Directions for this task
Only one stretch of the data below is wanted: the lines from the one with "this 3-space meets" through the one with "with dual coordinates", repeated exactly.

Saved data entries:
Definition third_point F i (p1 p2 p3 : vec) : Prop :=
  nonzero p3 /\ cuts3 (gcone F) (lineL F i p1 p2) (span1 p1) (span1 p2) (span1 p3).

Definition residual_line F t i (p1 p2 q q' : vec) : Prop :=
  indep2 q q' /\
  cuts3 (Phi F t) (planeP F i p1 p2) (span2 p0 p1) (span2 p0 p2) (span2 q q').

End Defs.

From HB Require Import structures.
From mathcomp Require Import all_boot all_order all_algebra.
From mathcomp Require Import mpoly.
From mathcomp Require Import ring.
From Stdlib Require Import FunctionalExtensionality Classical.
Import GRing.Theory.
Local Open Scope ring_scope.
Set Implicit Arguments. Unset Strict Implicit. Unset Printing Implicit Defensive.

(* On the 3-space x0 = xi = 0 the equation of Y reduces to the cone equation
   x4^3 - F, which does not involve x5.  Hence every plane P through p0 inside
   this 3-space meets Y in the cone, with vertex p0, over the divisor cut by
   the plane cubic C_i on the line L = P /\ {x5 = 0}.  In a basis (p1, b) of L
   with dual coordinates (u, v), the cubic restricted to L is
   v * (u or v) * (al u + be v), the middle factor being v exactly when
   p1 = p2 (tangency); so the divisor is p1 + p2 + p3 with p3 = be p1 - al b,
   and Y /\ P = p0p1 + p0p2 + p0p3.  Conversely, if Y /\ P = m1 m2 m3 with
   m1, m2 vanishing on p0p1, p0p2, cancelling the quadratic factor shows that
   m3 is proportional to al u + be v, whose zero set in P is the line p0p3.
   That (al, be) <> 0, i.e. that L is not contained in C_i, comes from the
   double tangency: on x0 = xi = 0 the form F is l^2 m with l, m independent,
   and x4^3 = l^2 m cannot hold along a line. *)

Lemma double_root_form_not_cube (R : idomainType) (l1 l2 m1 m2 e1 e2 : R) :
  l1 * m2 - l2 * m1 != 0 ->
  ~ (forall u v, (e1 * u + e2 * v) ^+ 3 = (l1 * u + l2 * v) ^+ 2 * (m1 * u + m2 * v)).
Proof.
move=> hD h.
have cube0 (u v : R) : l1 * u + l2 * v = 0 \/ m1 * u + m2 * v = 0 -> e1 * u + e2 * v = 0.
  move=> h0; have : (e1 * u + e2 * v) ^+ 3 == 0.
    by rewrite h; case: h0 => ->; rewrite ?expr2 ?(mul0r, mulr0).
  by rewrite expf_eq0 => /eqP.
have e_l : e1 * l2 - e2 * l1 = 0.
  by rewrite -mulrN cube0 //; left; ring.
have e_m : e1 * m2 - e2 * m1 = 0.
  by rewrite -mulrN cube0 //; right; ring.
have e0 (e : R) : e * (l1 * m2 - l2 * m1) = 0 -> e = 0.
  by move/eqP; rewrite mulf_eq0 (negbTE hD) orbF => /eqP.
have e10 : e1 = 0.
  apply: e0; transitivity (l1 * (e1 * m2 - e2 * m1) - m1 * (e1 * l2 - e2 * l1)).
    by ring.
  by rewrite e_l e_m; ring.
have e20 : e2 = 0.
  apply: e0; transitivity (l2 * (e1 * m2 - e2 * m1) - m2 * (e1 * l2 - e2 * l1)).
    by ring.
  by rewrite e_l e_m; ring.
have : (l1 * m2 - l2 * m1) ^+ 3 = 0.
  transitivity (- ((l1 * (l2 + m2) + l2 * - (l1 + m1)) ^+ 2 *
                   (m1 * (l2 + m2) + m2 * - (l1 + m1)))); first by ring.
  by rewrite -h e10 e20; ring.
by move/eqP; rewrite expf_eq0 /= (negbTE hD).
Qed.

Response below
   this 3-space meets Y in the cone, with vertex p0, over the divisor cut by
   the plane cubic C_i on the line L = P /\ {x5 = 0}.  In a basis (p1, b) of L
   with dual coordinates (u, v), the cubic restricted to L is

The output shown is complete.